Acho que as redes sociais tem matado meu desejo de criar. Fiquei pra trás, não sou nem quero ser criadora de conteúdo, explicar a vida com cards pra ver se alguma marca se interessa pelo meu trabalho de graça. Me sinto numa menopausa existencial. Claro que a cabeça está ruim, a situação está ruim, como eu vou criar nesse cenário? Pois é justamente assim que eu criava antes, nas adversidades. Sobre elas. Agora tenho vergonha demais pra admitir as mazelas da vida. Um pouco porque aprendi que tem gente que gosta de ver os outros em uma vidinha de merda e não vou ser esse entretenimento. De novo, as redes sociais trazendo o pior à tona, escândalo, fofoca, a vida alheia. Cansadíssima disso, desinteressada de escândalos e fofocas, decepcionada com a política (menos com você, Erika Hilton) e cansada, muito cansada.
Da minha mudança também. Que caos, me sinto em uma novela. Agora tenho vários vizinhos de terreno e preciso conviver em pequena sociedade, o que me faz arrepiar. São várias pessoas na mesma casa, eu alugo a casa de cima. Meu banheiro próprio é um triste banheiro sem caída de água e com a pia dentro do box, que nem é box, é cortina de 19,90 mas quem sou eu pra reclamar, né? Esqueci de especificar ao universo que queria um banheiro de patricinha. "VOCÊ disse BANHEIRO PRÓPRIO", disse o universo em minha cara enquanto eu manejo o rodo pela enésima vez no dia. Isso eu tenho. Tanta gente sem banheiro próprio. Eu aqui reclamando. Pra vocês. Foi mal. Deixa eu resgatar alguma coisa bonita e inédita pra vocês.

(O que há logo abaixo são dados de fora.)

Lemma eps_cop_mulr x y z :
  \sum_(p <- cop (x * y)) eps (z * p.1) *: p.2 = (\sum_(p <- cop x) eps (z * p.1) *: p.2) * y.
Proof.
have eps_lin := wb_eps_lin wb.
rewrite -{2}[x]mulr1 !(wb_cop_mul wb (B := fun a b => eps (z * a) *: b)); try by multilinear.
rewrite mulr_suml; apply: eq_bigr => p _; rewrite mulr_suml.
pose T c d := eps (z * p.1 * c) *: (p.2 * d).
have lT : bilinear_map T by rewrite /T; multilinear.
transitivity (\sum_(r <- cop 1) \sum_(q <- cop y) eps (r.2 * q.1) *: T r.1 q.2).
  rewrite exchange_big; apply: eq_bigr => q _ /=.
  rewrite mulrA -[z * p.1]mulr1 -(proj1 (wb_weak_counit wb _ _ _)) scaler_suml.
  by apply: eq_bigr => r _; rewrite /T scalerA mulrC.
rewrite big_cop1_counit //; apply: eq_bigr => r _.
by rewrite /T -scalerAl !mulrA.
Qed.

Lemma big_eps_t_cop_mul (V : lmodType k) (B : H -> H -> V) x y : bilinear_map B ->
  \sum_(p <- cop (x * y)) B (eps_t cop eps p.1) p.2 =
  \sum_(p <- cop x) B (eps_t cop eps p.1) (p.2 * y).
Proof.
case=> lB1 lB2.
have expand r (G : H * H -> H) : \sum_(p <- r) B (eps_t cop eps p.1) (G p) =
    \sum_(s <- cop 1) B s.2 (\sum_(p <- r) eps (s.1 * p.1) *: G p).
  under eq_bigr => p _ do rewrite (lin_map_sum (lB1 _)).
  rewrite exchange_big; apply: eq_bigr => s _; rewrite (lin_map_sum (lB2 _)).
  by apply: eq_bigr => p _; rewrite (lin_mapZ (lB1 _)) (lin_mapZ (lB2 _)).
rewrite (expand _ snd) (expand _ (fun p => p.2 * y)); apply: eq_bigr => s _.
by rewrite eps_cop_mulr mulr_suml; congr (B _ _); apply: eq_bigr => p _; rewrite scalerAl.
Qed.
End Identities.
End WeakBialgebra.

(** * Partial representations *)

Section PartialRep.
Variables (k : fieldType) (H : algType k) (cop : H -> seq (H * H)) (eps : H -> k).
Variables (S : H -> H) (A : algType k) (pi : H -> A).
Hypotheses (wb : weak_bialgebra cop eps) (S_lin : lin_map S) (pr : partial_rep cop S pi).

Lemma partial_rep_mulE x y : pi x * pi y =
  \sum_(p <- cop x) \sum_(q <- cop p.1) pi q.1 * pi (S q.2) * pi (p.2 * y).
Proof.
case: pr => pi_lin _ _ _ [_ pr5 pr6].
rewrite {1}pr6 big_cop2 mulr_suml.
transitivity (\sum_(p <- cop x) \sum_(q <- cop p.2) pi p.1 * pi (S q.1) * pi q.2 * pi y).
  rewrite -(wb_coassoc wb (T := fun a b c => pi a * pi (S b) * pi c * pi y)).
    by apply: eq_bigr => p _; rewrite mulr_suml.
  by multilinear.
rewrite (wb_coassoc wb (T := fun a b c => pi a * pi (S b) * pi (c * y))); last by multilinear.
apply: eq_bigr => p _.
transitivity (pi p.1 * \sum_(q <- cop p.2) pi (S q.1) * pi q.2 * pi y).
  by rewrite mulr_sumr; apply: eq_bigr => q _; rewrite !mulrA.
by rewrite pr5 mulr_sumr; apply: eq_bigr => q _; rewrite !mulrA.
Qed.

Lemma multiplicative_of_eps_t :
  (forall h, \sum_(p <- cop h) pi p.1 * pi (S p.2) = pi (eps_t cop eps h)) ->
  forall x y, pi (x * y) = pi x * pi y.
Proof.
move=> pi_eps_t; case: (pr) => pi_lin pi1 _ _ _.
have mulE x y : pi x * pi y = \sum_(p <- cop x) pi (eps_t cop eps p.1) * pi (p.2 * y).
  by rewrite partial_rep_mulE; apply: eq_bigr => p _; rewrite -pi_eps_t mulr_suml.
move=> x y; rewrite -[pi (x * y)]mulr1 -pi1 mulE.
under eq_bigr => p _ do rewrite mulr1.
by rewrite (big_eps_t_cop_mul wb (B := fun a b => pi a * pi b)) -?mulE //; multilinear.
Qed.
End PartialRep.

(** * The opposite weak bialgebra *)

(* ssralg equips the converse R^c with a ring structure only. *)
HB.instance Definition _ (k : pzRingType) (V : lmodType k) := GRing.Lmodule.on V^c.
HB.instance Definition _ (k : pzRingType) (A : algType k) :=
  GRing.Lmodule_isLalgebra.Build k A^c (fun a (u v : A) => scalerAr a v u).
HB.instance Definition _ (k : pzRingType) (A : algType k) :=
  GRing.Lalgebra_isAlgebra.Build k A^c (fun a (u v : A) => scalerAl a v u).

Lemma mulrcE (R : pzSemiRingType) (x y : R^c) : x * y = (y : R) * x.
Proof. by []. Qed.

Section Opposite.
Variables (k : fieldType) (H : algType k).

(* The comultiplication of H^{op,cop}, whose multiplication is that of H^c. *)
Definition cop_op (cop : H -> seq (H * H)) (h : H^c) : seq (H^c * H^c) :=
  [seq (p.2, p.1) | p <- cop h].

Lemma big_cop_op cop (V : nmodType) (F : H^c * H^c -> V) h :
  \sum_(p <- cop_op cop h) F p = \sum_(p <- cop h) F (p.2, p.1).
Proof. exact: big_map. Qed.

Lemma eps_t_op cop eps h : eps_t (cop_op cop) eps h = eps_s cop eps h.
Proof. exact: big_map. Qed.

Lemma weak_bialgebra_op cop eps :
  weak_bialgebra cop eps -> weak_bialgebra (cop_op cop) eps.
Proof.
case=> eps_lin cop_mul coassoc wunit counit weak_counit.
have coassoc_rev (V : lmodType k) (T : H -> H -> H -> V) h : trilinear_map T ->
    \sum_(p <- cop_op cop h) \sum_(q <- cop_op cop p.1) T q.1 q.2 p.2 =
    \sum_(p <- cop h) \sum_(q <- cop p.1) T p.2 q.2 q.1.
  case=> lT1 lT2 lT3; rewrite big_cop_op; under eq_bigr do rewrite big_cop_op /=.
  by rewrite -(coassoc _ (fun a b c => T c b a)) //; split.
split.
- exact: eps_lin.
- move=> V B x y [lB1 lB2].
  rewrite big_cop_op (cop_mul _ (fun a b => B b a) y x); last by split.
  rewrite exchange_big big_cop_op; apply: eq_bigr => p _; rewrite big_cop_op.
  by apply: eq_bigr => q _; rewrite /= !mulrcE.
- move=> V T h lT; rewrite coassoc_rev // big_cop_op.
  by under [RHS]eq_bigr do rewrite big_cop_op.
- move=> V T [lT1 lT2 lT3].
  rewrite coassoc_rev ?(wunit _ (fun a b c => T c b a)); try by split.
  rewrite big_cop_op exchange_big; apply: eq_bigr => p _; rewrite big_cop_op.
  by apply: eq_bigr => q _; rewrite /= mulrcE.
- by move=> h; rewrite !big_cop_op; case: (counit h).
- move=> x y z; rewrite !big_cop_op /= !mulrcE mulrA.
  have [wc1 wc2] := weak_counit z y x; split; [rewrite -wc1|rewrite wc2].
  all: by apply: eq_bigr => p _; exact: mulrC.
Qed.
End Opposite.

Section OppositeRep.
Variables (k : fieldType) (H : algType k) (cop : H -> seq (H * H)) (S : H -> H).
Variables (A : algType k) (pi : H -> A).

Uma carta de amor antiga, de amor que virou rima
Amor da minha vida,
seus olhos de cão me acompanharam por toda a viagem, por cada colina, cada silêncio, cada vagalume, e em cada mineiro interiorano que passava eu via você. Você está sempre comigo: quando vejo coisa bonita, quando estou miserável, quando estou perdida, quando estou feliz. A única coisa que eu sempre quero é que você me escolha. Uma vez nesta vida. Uma. Há dez anos que te escolhi e te escolho todas as vezes, há dez anos que espero, espero, espero. Eu estou sempre aqui. Sempre estive, mesmo casada, mesmo grávida, mesmo sangrando e borrando seu travesseiro com rímel derretido quando você cuidou de mim no meio da minha loucura, mesmo indo embora, eu sempre estive aqui. Sigo acreditando em você, sempre em você, apenas em você. Em Minas me sinto mais próxima, não sei se são essas tecnologias, não sei se é o céu e o ar ou o raio que caiu no quintal da casa alugada, não sei se é o que sempre foi. Eu vejo as casinhas e nos imagino velhos morando nelas, os dois em paz, nós e as nossas solidões. Uma casinha no interior, com uma varanda grande, janelas com muita luz, minhas gatas dormindo ao sol, um quarto para os livros, umas cadeiras de balanço do lado de fora num lugar frio, mas com sol. Eu ainda estou aqui, e eu ainda quero morrer segurando a sua mão daqui há muito, muito tempo. Quero ficar velha, quero você velho comigo. Eu sou a única que pode suportar a sua loucura e a sua solidão. Às vezes acho que fiquei sã para isso; dois loucos não se sustentam. Mas um dia, quem sabe em 5, 10, 15 anos, eu quero estar com você de verdade, você, não suas poesias, não suas frases: você. Você é aquilo que eu não sei explicar, que eu não quero matar e que eu nunca quero perder.
Te amo como siempre, mi perro.
Sua,
c.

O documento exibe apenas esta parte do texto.